[WHAT YOU HAVE TO DO]:
The expected output is exactly the lines below, starting at the line with "by rewrite -(perm_mem" and ending at the line with "have geq_trans : transitive", both included; no other line belongs in it.

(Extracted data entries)
Lemma RInt_osc_le_head th c :
  lo <= c <= hi -> Rabs (RInt (osc th) lo hi) <= (c - lo) + Rabs (RInt (osc th) c hi).
Proof.
  intros Hc.
  assert (Rabs (RInt (osc th) lo c) <= (c - lo) * 1).
  { apply abs_RInt_le_const; [lra|apply ex_RInt_osc; lra|].
    intros x Hx. apply osc_abs_le_1. lra. }
  pose proof (RInt_abs_le_Chasles (osc th) lo c hi Hc
    (ex_RInt_osc th lo hi ltac:(lra) ltac:(lra) ltac:(lra))).
  lra.
Qed.

Lemma RInt_osc_le th s tau P kap d :
  lo <= hi -> 0 <= s <= tau -> 0 < tau -> 0 < d <= 1/2 -> 0 < kap -> 0 <= P ->
  (forall x, lo <= x <= hi -> s <= x -> p x <= / tau) ->
  (forall x, lo <= x <= hi -> s <= x -> -1/2 <= h x -> p x <= P) ->
  (forall x, lo <= x <= hi -> h x <= 1/2 -> kap * x <= h' x) ->
  Rabs (RInt (osc th) lo hi) <= tau + 10 / tau + 10 * P / d + 2 * P * d / kap.
Proof.
  intros Hlh Hs Htau Hd Hkap HP0 Htail HP Hh'.
  destruct (clamp_cut lo hi s) as [c [Hc [Hcs Hsc]]]; [lra|lra|].
  pose proof (RInt_osc_le_head th c ltac:(lra)).
  assert (tail : Rabs (RInt (osc th) c hi) <= 10 / tau + 10 * P / d + 2 * P * d / kap).
  { assert (0 <= 10 / tau) by (apply Rmult_le_pos; [lra|apply Rlt_le, Rinv_0_lt_compat; lra]).
    assert (0 <= 10 * P / d) by (apply Rmult_le_pos; [nra|apply Rlt_le, Rinv_0_lt_compat; lra]).
    assert (0 <= 2 * P * d / kap)
      by (apply Rmult_le_pos; [nra|apply Rlt_le, Rinv_0_lt_compat; lra]).
    apply RInt_abs_le_of_lt; [lra|lra|]. intros Hlt. specialize (Hsc Hlt).
    apply RInt_osc_tail; [lra|lra|lra|lra|lra| | |]; intros x Hx.
    - apply Htail; lra.
    - apply HP; lra.
    - apply Hh'. lra. }
  lra.
Qed.

Lemma RInt_osc_le_of_h_le th s tau :
  lo <= hi -> 0 <= s <= tau -> 0 < tau ->
  (forall x, lo <= x <= hi -> h x <= -1) ->
  (forall x, lo <= x <= hi -> s <= x -> p x <= / tau) ->
  Rabs (RInt (osc th) lo hi) <= tau + 5 / tau.
Proof.
  intros Hlh Hs Htau Hh Htail.
  destruct (clamp_cut lo hi s) as [c [Hc [Hcs Hsc]]]; [lra|lra|].
  pose proof (RInt_osc_le_head th c ltac:(lra)).
  assert (tail : Rabs (RInt (osc th) c hi) <= 5 / tau).
  { apply RInt_abs_le_of_lt; [lra|apply Rmult_le_pos; [lra|apply Rlt_le, Rinv_0_lt_compat; lra]|].
    intros Hlt. specialize (Hsc Hlt).
    eapply Rle_trans; [apply (RInt_osc_nonstationary th c hi 1); try lra|].
    - right. intros x Hx. apply Hh. lra.
    - pose proof (Htail c ltac:(lra) Hsc). unfold Rdiv. lra. }
  lra.
Qed.

End OscillatoryIntegral.

Lemma cos_signed eps u : eps = 1 \/ eps = -1 -> cos (- eps * u) = cos u.
Proof. intros [-> | ->]; [rewrite <- cos_neg|]; f_equal; ring. Qed.

Section Integrand.

Variables (m l : nat) (sig rho b c : nat -> R) (k : nat) (eps : R).
Lemma exists_deg_ge2 n (e : rel 'I_n) :
  (2 < n)%N -> symmetric e -> (forall x y, connect e x y) ->
  exists v, (1 < deg e v)%N.
Proof.
move=> n_gt2 e_sym e_connect; pose x0 := Ordinal (ltnW (ltnW n_gt2)).
have [f [_ f_descent]] := connect_descent_potential e_sym (e_connect x0).
have root_or_deg2 w : w != x0 -> e x0 w \/ exists v, (1 < deg e v)%N.
  move=> w_neq; have [u e_wu lt_uw] := f_descent w w_neq.
  have [u_x0|u_neq] := eqVneq u x0; first by left; rewrite e_sym -u_x0.
  have [q e_uq lt_qu] := f_descent u u_neq.
  right; exists u; apply: (deg_ge2 (x := w) (y := q)) => //.
    by rewrite e_sym.
  by apply: contraTneq lt_uw => ->; rewrite -leqNgt ltnW.
have : (1 < #|[set~ x0]|)%N by rewrite cardsC1 card_ord; lia.
case/card_gt1P => a [b [a_neq b_neq neq_ab]]; rewrite !inE in a_neq b_neq.
case: (root_or_deg2 a a_neq) => // e_x0a.
case: (root_or_deg2 b b_neq) => // e_x0b.
by exists x0; apply: deg_ge2 e_x0a e_x0b neq_ab.
Qed.

Lemma energy_le_rooted n (e : rel 'I_n) (rho : 'I_n) :
  symmetric e -> irreflexive e -> (forall v, connect e rho v) ->
  energy e <=
    2 * sqrtC (deg e rho)%:R + \sum_(v | v != rho) 2 * sqrtC (deg e v).-1%:R.
Proof.
move=> e_sym e_irr rho_connect.
have [f [f_rho f_descent]] := connect_descent_potential e_sym rho_connect.
have e_orient := orient_sym e_sym e_irr (@lex_rank_inj _ f).
apply: le_trans (energy_le_orientation e_orient (@orient_asym _ e _)) _.
rewrite (bigD1 rho) //= deg_orient_root //; apply: lerD => //.
apply: ler_sum => v v_neq; rewrite ler_wpM2l ?ler0n // ler_sqrtC ?nnegrE ?ler0n //.
by rewrite ler_nat (deg_orient_le f_rho f_descent).
Qed.

Lemma size_degseq n (e : rel 'I_n) : size (degseq e) = n.
Proof. by rewrite size_sort size_map size_enum_ord. Qed.

Lemma degseq_head_max n (e : rel 'I_n) : (0 < n)%N ->
  exists rho,
    deg e rho = nth 0%N (degseq e) 0 /\ forall v, (deg e v <= deg e rho)%N.
Proof.
move=> n_gt0.
have degseq_perm := permEl (perm_sort geq [seq deg e v | v <- enum 'I_n]).
have : nth 0%N (degseq e) 0 \in [seq deg e v | v <- enum 'I_n].
  by rewrite -(perm_mem degseq_perm) mem_nth ?size_degseq.
case/mapP => rho _ rho_head; exists rho; split => // v.
have : deg e v \in degseq e by rewrite (perm_mem degseq_perm) map_f ?mem_enum.
have := sort_sorted (fun a b => leq_total b a) [seq deg e v | v <- enum 'I_n].
rewrite -/(degseq e) -rho_head; case: (degseq e) => [|x s] //= x_path.
rewrite inE => /predU1P [-> //|v_in_s].
have geq_trans : transitive geq := fun _ _ _ le_yx le_zy => leq_trans le_zy le_yx.
by have /allP /(_ _ v_in_s) := order_path_min geq_trans x_path.
Qed.
(* Let $k$ be a field of characteristic $0$ and $C$ a finite set. Consider the post-Lie-Rinehart algebra $(k,\mathrm{Lie}(\mathcal{T}_C),[-,-],\curvearrowright)$ (scalars $k$, zero anchor). Its algebra of elementary module endomorphisms $\mathrm{El}_k(\mathrm{Lie}(\mathcal{T}_C))$ equals the subalgebra of $(\mathrm{End}_k(\mathrm{Lie}(\mathcal{T}_C)),\circ)$ generated by $\hat{\mathcal{T}}^0_C$ (trees with a free edge at the root, acting as endomorphisms) together with $\delta(\mathrm{Lie}(\mathcal{T}_C))=\{\delta_x : x\in\mathrm{Lie}(\mathcal{T}_C)\}$, where $\delta_x(\eta)=[x,\eta]$.
   Context: Planar trees: $T_C$ is the set of planar rooted trees with vertices decorated by $C$; for $c\in C$ and an ordered (possibly empty) list $t_1,\dots,t_p\in T_C$, $B_c(t_1\cdots t_p)$ denotes the tree whose root is decorated by $c$ and whose ordered children subtrees are $t_1,\dots,t_p$; $\mathcal{T}_C=\mathrm{span}_k(T_C)$. Left grafting: $t_2\curvearrowright t_1=\sum_{v\in V(t_1)}t_2\curvearrowright_v t_1$, where $t_2\curvearrowright_v t_1$ attaches the root of $t_2$ to the vertex $v$ of $t_1$ as its new leftmost child. $\mathrm{Lie}(\mathcal{T}_C)$ is the free Lie algebra on the vector space $\mathcal{T}_C$, and $\curvearrowright$ is extended by $t_3\curvearrowright[t_2,t_1]=[t_3\curvearrowright t_2,t_1]+[t_2,t_3\curvearrowright t_1]$, $[t_3,t_2]\curvearrowright t_1=\mathrm{Ass}(t_3,t_2,t_1)-\mathrm{Ass}(t_2,t_3,t_1)$, $\mathrm{Ass}(a,b,c)=a\curvearrowright(b\curvearrowright c)-(a\curvearrowright b)\curvearrowright c$; this makes $\mathrm{Lie}(\mathcal{T}_C)$ a post-Lie algebra. Extend $\curvearrowright$ to a left action of the universal enveloping algebra $U$ of $(\mathrm{Lie}(\mathcal{T}_C),[-,-])$ (product $\cdot$) by $\mathbf 1\curvearrowright y=y$, $x\curvearrowright(w_1\cdot w_2)=(x\curvearrowright w_1)\cdot w_2+w_1\cdot(x\curvearrowright w_2)$, $(x\cdot w)\curvearrowright y=x\curvearrowright(w\curvearrowright y)-(x\curvearrowright w)\curvearrowright y$ for $x\in\mathrm{Lie}(\mathcal{T}_C)$, $w\in U$; then $B_c(t_1\cdots t_p)=(t_1\cdots t_p)\curvearrowright\bullet_c$. A tree with a free edge at the root is $B_c(t_1\cdots t_{j-1}\times t_j\cdots t_p)$, i.e. a tree with one additional empty input slot $\times$ at a specified position among the root's children; it acts as the endomorphism $x\mapsto (t_1\cdots t_{j-1}\cdot x\cdot t_j\cdots t_p)\curvearrowright\bullet_c$. $\hat{\mathcal{T}}^0_C$ is the span of these. For this post-Lie-Rinehart algebra (with scalars $k$ acting trivially), the connection is $\curvearrowright$, the torsion is $T(x,y)=-[x,y]$, $dX(Z)=Z\curvearrowright X$, $\delta X(Z)=T(Z,X)=[X,Z]$, $(\hat\nabla_X\nu)(Y)=X\curvearrowright\nu(Y)-\nu(X\curvearrowright Y)$, and $\mathrm{El}_k$ is the subalgebra of $\mathrm{End}_k$ generated by all $\hat\nabla_{X_1}\cdots\hat\nabla_{X_m}dY$ and $\hat\nabla_{X_1}\cdots\hat\nabla_{X_m}\delta Y$, $m\ge0$. *)

From HB Require Import structures.
From mathcomp Require Import all_boot all_algebra.
From mathcomp Require Import freeg.
From Stdlib Require Import ClassicalEpsilon.
Lemma frame_near_line b (x rho : CC R) (w := frame b (x, 'i * x + rho)) :
  (normc x - normc rho <= normc w.1 <= normc x + normc rho) /\
  (normc x - normc rho <= normc w.2 <= normc x + normc rho).
Proof.
have near u v : normc u = 1 -> normc v <= 1 ->
    normc x - normc rho <= normc (u * x + v * rho) <= normc x + normc rho.
  exact: normc_unit_perturb.
rewrite {}/w; case: b => /=.
  have -> : cosC * x - sinC * ('i * x + rho) = (cosC - sinC * 'i) * x + (- sinC) * rho.
    by ring.
  have -> : sinC * x + cosC * ('i * x + rho) = (sinC + cosC * 'i) * x + cosC * rho.
    by ring.
  split; apply: near; rewrite ?normc_Nsin_le1 ?normc_cos_le1 //.
    by rewrite -mulNr -rmorphN normc_unit_circle // sqrrN cos2Dsin2.
  by rewrite normc_unit_circle // addrC cos2Dsin2.
split; first by have := normc_ge0 rho; move=> rho0; apply/andP; split; lra.
have n1 : normc (1 : CC R) <= 1 by rewrite normc1.
by have := near 'i 1 normc_i n1; rewrite mul1r.
Qed.

Section Cones.
Context {r : R}.
Hypothesis expands : henon_cone_expansion alpha gamma r.

Definition target (l : letter) (z : C2 R) : Prop :=
  let w := frame l.1 z in
  gamma * normc (minor l.2 w) <= normc (major l.2 w) /\
  gamma * r <= normc (major l.2 w).

Definition domain (l : letter) (z : C2 R) : Prop :=
  let w := frame l.1 z in
  [/\ normc (minor l.2 w) <= alpha * normc (major l.2 w), r <= normc (major l.2 w)
    & kappa / 4 * norm2 z <= normc (major l.2 w)].

Lemma domain_letter l z : domain l z ->
  target l (eval_letter P d t l z) /\ 2 * norm2 z <= norm2 (eval_letter P d t l z).
Proof.
case=> minor_le r_le major_ge; rewrite /target eval_letterE /= unframeK.
set w := frame l.1 z in minor_le r_le major_ge *.
have [grow shift] := expands _ _ minor_le r_le.
have := gamma_ge16; have := gamma_kappa; have := kappa_gt0.
have := normc_ge0 (major l.2 w).
split; first by rewrite shift; split; nra.
have := norm2_frame l.1 (unframe l.1 (henon_dir l.2 w)); rewrite unframeK.
have := normc_major_le_norm2 l.2 (henon_dir l.2 w).
have := norm2_ge0 z.
nra.
Qed.

Lemma target_domain_same l z : target l z -> domain l z.
Proof.
rewrite /target /domain; set w := frame l.1 z => -[minor_le r_le].
have := gamma_ge16; have := alpha_ge4; have := kappa_gt0; have := kappa_le1.
have := normc_ge0 (minor l.2 w); have := normc_ge0 (major l.2 w).
move=> M0 m0 k1 k0 A4 G16.
have w_le : norm2 w <= normc (major l.2 w) by apply: norm2_le_major; nra.
have := norm2_unframe l.1 w; rewrite /w frameK -/w.
split; nra.
Qed.
(* Let $n\ge4$. (i) Every variety with two-headed directed Gumm terms $p,t_2,\dots,t_{n-2},q$ is $(2n-3)$-reversed-modular, hence $(2n-2)$-modular. In particular this applies to every variety which is $n$-directed with alvin heads. (ii) There is a locally finite variety which is $n$-directed with alvin heads (in particular has two-headed directed Gumm terms $p,t_2,\dots,t_{n-2},q$) but is not $(2n-3)$-modular.
   Context: Two-headed directed Gumm terms (for $n\ge4$): ternary terms $p,t_2,\dots,t_{n-2},q$ satisfying $t_h(x,y,x)=x$ for $2\le h\le n-2$; $p(x,z,z)=x$ and $p(x,x,z)=t_2(x,x,z)$; $t_h(x,z,z)=t_{h+1}(x,x,z)$ for $2\le h<n-2$; $t_{n-2}(x,z,z)=q(x,z,z)$ and $q(x,x,z)=z$. If in addition $p(x,y,x)=x$ and $q(x,y,x)=x$, the variety is called $n$-directed with alvin heads. Day terms: $4$-ary $u_0,\dots,u_m$ with $u_k(x,y,y,x)=x$ for all $k$, $u_0(x,y,z,w)=x$, $u_m(x,y,z,w)=w$, $u_k(x,x,w,w)=u_{k+1}(x,x,w,w)$ for even $k$, $u_k(x,y,y,w)=u_{k+1}(x,y,y,w)$ for odd $k$; reversed Day terms: even/odd exchanged in the last two. $m$-modular ($m$-reversed-modular): having Day (reversed Day) terms $u_0,\dots,u_m$. *)

From mathcomp Require Import all_boot.
Set Implicit Arguments. Unset Strict Implicit. Unset Printing Implicit Defensive.

Record signature := Signature { op : Type; arity : op -> nat }.

Inductive term (S : signature) (X : Type) : Type :=
  | Var : X -> term S X
  | App : forall f : op S, ('I_(arity f) -> term S X) -> term S X.
Arguments Var {S X} _.
Arguments App {S X} f _.

Record algebra (S : signature) := Algebra {
  carrier :> Type;
  interp : forall f : op S, ('I_(arity f) -> carrier) -> carrier }.

Fixpoint eval (S : signature) (A : algebra S) (X : Type) (v : X -> A)
    (t : term S X) : A :=
  match t with
  | Var x => v x
  | App f args => @interp S A f (fun i => @eval S A X v (args i))
  end.

(* A variety of signature S, given (Birkhoff) by a set of defining
   identities between terms in the variables 0,1,2,... *)
Definition variety (S : signature) := term S nat -> term S nat -> Prop.

Definition in_variety (S : signature) (V : variety S) (A : algebra S) : Prop :=
  forall s t, V s t -> forall v : nat -> A, @eval S A nat v s = @eval S A nat v t.

Definition top3 (S : signature) (A : algebra S) (t : term S 'I_3) (a b c : A) : A :=
  @eval S A _ (fun i : 'I_3 => nth a [:: a; b; c] i) t.
Definition top4 (S : signature) (A : algebra S) (t : term S 'I_4)
    (a b c d : A) : A :=
  @eval S A _ (fun i : 'I_4 => nth a [:: a; b; c; d] i) t.

(* p, t_2, ..., t_{n-2}, q ; the family t is indexed by nat, only the
   indices 2 <= h <= n-2 matter. *)
Definition tdg_identities (S : signature) (V : variety S) (n : nat)
    (p q : term S 'I_3) (t : nat -> term S 'I_3) : Prop :=
  forall A : algebra S, in_variety V A -> forall x y z : A,
    (forall h, 2 <= h <= n - 2 -> top3 (t h) x y x = x) /\
    top3 p x z z = x /\
    top3 p x x z = top3 (t 2) x x z /\
    (forall h, 2 <= h < n - 2 -> top3 (t h) x z z = top3 (t h.+1) x x z) /\
    top3 (t (n - 2)) x z z = top3 q x z z /\
    top3 q x x z = z.

Definition has_two_headed_directed_Gumm (S : signature) (V : variety S) (n : nat) :=
  exists (p q : term S 'I_3) (t : nat -> term S 'I_3), tdg_identities V n p q t.

Definition n_directed_alvin_heads (S : signature) (V : variety S) (n : nat) :=
  exists (p q : term S 'I_3) (t : nat -> term S 'I_3),
    tdg_identities V n p q t /\
    forall A : algebra S, in_variety V A -> forall x y : A,
      top3 p x y x = x /\ top3 q x y x = x.

Definition day_terms (S : signature) (V : variety S) (m : nat)
    (u : nat -> term S 'I_4) : Prop :=
  forall A : algebra S, in_variety V A -> forall x y z w : A,
    (forall k, k <= m -> top4 (u k) x y y x = x) /\
    top4 (u 0) x y z w = x /\
    top4 (u m) x y z w = w /\
    (forall k, k < m -> ~~ odd k -> top4 (u k) x x w w = top4 (u k.+1) x x w w) /\
    (forall k, k < m -> odd k -> top4 (u k) x y y w = top4 (u k.+1) x y y w).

[YOUR SOLUTION]:
  by rewrite -(perm_mem degseq_perm) mem_nth ?size_degseq.
case/mapP => rho _ rho_head; exists rho; split => // v.
have : deg e v \in degseq e by rewrite (perm_mem degseq_perm) map_f ?mem_enum.
have := sort_sorted (fun a b => leq_total b a) [seq deg e v | v <- enum 'I_n].
rewrite -/(degseq e) -rho_head; case: (degseq e) => [|x s] //= x_path.
rewrite inE => /predU1P [-> //|v_in_s].
have geq_trans : transitive geq := fun _ _ _ le_yx le_zy => leq_trans le_zy le_yx.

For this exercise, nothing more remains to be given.